(Saved data entries)
# # # #
Lemma lfp_Phi_rank v : lfp v -> Phi (rank v) v.
Proof.
move=> lfp_v; apply: NNPP => nv; apply: (@rank_irr v).
apply: tower_incl_prefix tower_lfp _ lfp_v => u Hu.
by exists (Phi (rank v)) => //; split => //; exact/tower_Phi/tower_rank.
Qed.

Lemma rank_Phi_le v u : Phi (rank v) u -> incl (rank u) (rank v).
Proof.
move=> Hu; case: (tower_cmp (tower_rank v) (tower_rank u)) => // vu.
by case: (@rank_irr u); exact: vu.
Qed.

Lemma rank_le v u : rank v u -> incl (rank u) (rank v).
Proof. by move=> /(tower_incl_Phi (tower_rank v)) /rank_Phi_le. Qed.

Lemma no_rank_descent (f : nat -> V) : lfp (f 0) ->
  (forall n, incl (rank (f n.+1)) (rank (f n))) ->
  ~ inf_often (fun n => rank (f n) (f n.+1)).
Proof.
move=> lfp_f0 f_dec f_desc.
have rank_le_from N k : incl (rank (f (N + k))) (rank (f N)).
  elim: k => [|k IH]; first by rewrite addn0.
  by move=> v; rewrite addnS => /f_dec /IH.
pose Y v := exists2 Z, tower Z /\ forall n, incl Z (rank (f n)) & Z v.
have tY : tower Y by apply: tower_sup => Z [].
case: (classic (forall n, incl (Phi Y) (rank (f n)))) => [PhiY | ].
  have [Z [_ Zf] Zf0] : Y (f 0).
    apply: tower_incl_prefix tower_lfp _ lfp_f0 => v Hv.
    by exists (Phi Y) => //; split => //; exact: tower_Phi.
  by case: (@rank_irr (f 0)); exact: Zf.
move=> /not_all_ex_not [N nN].
case: (tower_cmp tY (tower_rank (f N))) => [fNY | //].
have [n Nn fn] := f_desc N.
have : rank (f N) (f n.+1) by have := rank_le_from N (n - N); rewrite subnKC //; apply.
move=> /fNY [Z [_ Zf] Zfn]; by case: (@rank_irr (f n.+1)); exact: Zf.
Qed.

End Tower.

Definition both_inf (s : nat -> bool) : Prop := forall x, inf_often (fun n => s n = x).

Lemma both_inf_prefix_independent : prefix_independent both_inf.
Proof.
move=> u w; split=> H x N.
  have [n Nn] := H x (N + size u).
  rewrite /prepend ifF; last by apply/negbTE; lia.
  by exists (n - size u) => //; lia.
have [n Nn wn] := H x N; exists (n + size u); first lia.
by rewrite /prepend ifF ?addnK //; apply/negbTE; lia.
Qed.

Lemma both_inf_odd : both_inf odd.
Proof.
move=> x N; case: (boolP (odd N == x)) => [/eqP | Nx]; first by exists N.
by exists N.+1 => //=; move: Nx; case: x; case: (odd N).
Qed.

Section ProjFin.
Variable w : nat -> option bool.
Notation pf := (proj_fin w).

Lemma proj_fin_add k d : exists2 t, pf (k + d) = pf k ++ t &
  forall y, y \in t -> exists2 i, k <= i & w i = Some y.
Proof.
elim: d => [|d [t Ht Hm]]; first by exists [::]; rewrite ?addn0 ?cats0.
exists (t ++ if w (k + d) is Some c then [:: c] else [::]).
  by rewrite addnS /= Ht catA.
move=> y; rewrite mem_cat => /orP [/Hm // |].
case E: (w (k + d)) => [c|] //; rewrite inE => /eqP ->.
by exists (k + d); rewrite ?leq_addr.
Qed.

Lemma size_proj_fin_mono k k' : k <= k' -> size (pf k) <= size (pf k').
Proof.
move=> kk'; have [t Ht _] := proj_fin_add k (k' - k).
by rewrite -(subnKC kk') Ht size_cat leq_addr.
Qed.

Lemma size_proj_finS k : size (pf k.+1) = size (pf k) + (w k != None).
Proof. by rewrite /= size_cat; case: (w k). Qed.

Lemma proj_finS_Some k y : w k = Some y -> pf k.+1 = rcons (pf k) y.
Proof. by move=> /= ->; rewrite cats1. Qed.

Lemma size_proj_fin_attained k n : n <= size (pf k) -> exists j, size (pf j) = n.
Proof.
elim: k n => [|k IH] n; first by rewrite leqn0 => /eqP ->; exists 0.
case: (boolP (n == size (pf k.+1))) => [/eqP -> _ | ]; first by exists k.+1.
by rewrite size_proj_finS => nk nk1; apply: IH; move: nk nk1; case: (w k != None); lia.
Qed.

Lemma Weps_inf_often : (forall x, inf_often (fun i => w i = Some x)) -> Weps both_inf w.
Proof.
move=> w_inf; left.
have unbounded n : exists k, n < size (pf k).
  elim: n => [|n [k Hk]].
    by have [i _ wi] := w_inf true 0; exists i.+1; rewrite size_proj_finS wi addn1.
  have [i ki wi] := w_inf true k; exists i.+1; rewrite size_proj_finS wi addn1 ltnS.
  exact: leq_trans Hk (size_proj_fin_mono ki).
pose s n := nth false (pf (xchoose (unbounded n))) n.
have s_nth n k : n < size (pf k) -> s n = nth false (pf k) n.
  move=> Hk; have Hn := xchooseP (unbounded n); rewrite /s.
  set k' := xchoose _ in Hn *.
  case: (leqP k' k) => [k'k | kk'].
    have [t Ht _] := proj_fin_add k' (k - k'); rewrite subnKC // in Ht.
    by rewrite Ht nth_cat Hn.
  have [t Ht _] := proj_fin_add k (k' - k); rewrite subnKC ?(ltnW kk') // in Ht.
  by rewrite Ht nth_cat Hk.
exists s; split.
  move=> n; have [k Hk] := unbounded n.
  have [j Hj] := size_proj_fin_attained (ltnW Hk); exists j.
  apply: (@eq_from_nth _ false); first by rewrite size_mkseq.
  by move=> i; rewrite Hj => Hi; rewrite nth_mkseq // (s_nth i j) ?Hj.
move=> x N; have [k Hk] := unbounded N; have [i ki wi] := w_inf x k.
exists (size (pf i)); first exact: leq_trans (ltnW Hk) (size_proj_fin_mono ki).
rewrite (s_nth _ i.+1); last by rewrite size_proj_finS wi addn1.
by rewrite (proj_finS_Some wi) nth_rcons ltnn eqxx.
Qed.

Lemma Weps_ev_silent : ev_always (fun i => w i = None) -> Weps both_inf w.
Proof.
move=> [N wN]; right; exists N; split; last first.
  by exists odd; apply/both_inf_prefix_independent; exact: both_inf_odd.
elim=> [|k IH]; first by rewrite leqn0 => /eqP ->.
rewrite leq_eqVlt => /orP [/eqP <- // | Nk].
by rewrite /= wN // cats0 IH.
Qed.

(* The projection is either infinite, hence not in [both_inf], or finite,
   which leaves no room for infinitely many colours. *)
Lemma Weps_one_colour x : Weps both_inf w -> ev_always (fun i => w i <> Some x) ->
  ~ inf_often (fun i => w i = Some (~~ x)).
Proof.
move=> [[s [Hs Ws]] | [k [Hk _]]] [N HN] w_inf; last first.
  have [i ki wi] := w_inf k.
  have := size_proj_finS i; rewrite (Hk _ (leq_trans ki (leqnSn _))) (Hk _ ki) wi.
  by rewrite addn1 => /n_Sn.
pose L := size (pf N).
have [n Ln sn] := Ws x L; have [k Hk] := Hs n.+1.
have size_k : size (pf k) = n.+1 by rewrite Hk size_mkseq.
have Nk : N <= k.
  rewrite leqNgt; apply/negP => /ltnW /size_proj_fin_mono; rewrite size_k -/L; lia.
have [t Ht Hm] := proj_fin_add N (k - N); rewrite subnKC // in Ht.
have : nth false (pf k) n = x by rewrite Hk nth_mkseq.
rewrite Ht nth_cat ltnNge -/L Ln /= => tx.
have /Hm [i Ni wi] : x \in t.
  rewrite -tx mem_nth // -(ltn_add2l L) subnKC //.
  by rewrite /L -size_cat -Ht size_k.
exact: HN i Ni wi.
Qed.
# # # #
EXERCISE DESCRIPTION:
Go through the data and show each line that holds "prepend".

ANSWER FOR THE TASK:
  rewrite /prepend ifF; last by apply/negbTE; lia.
by rewrite /prepend ifF ?addnK //; apply/negbTE; lia.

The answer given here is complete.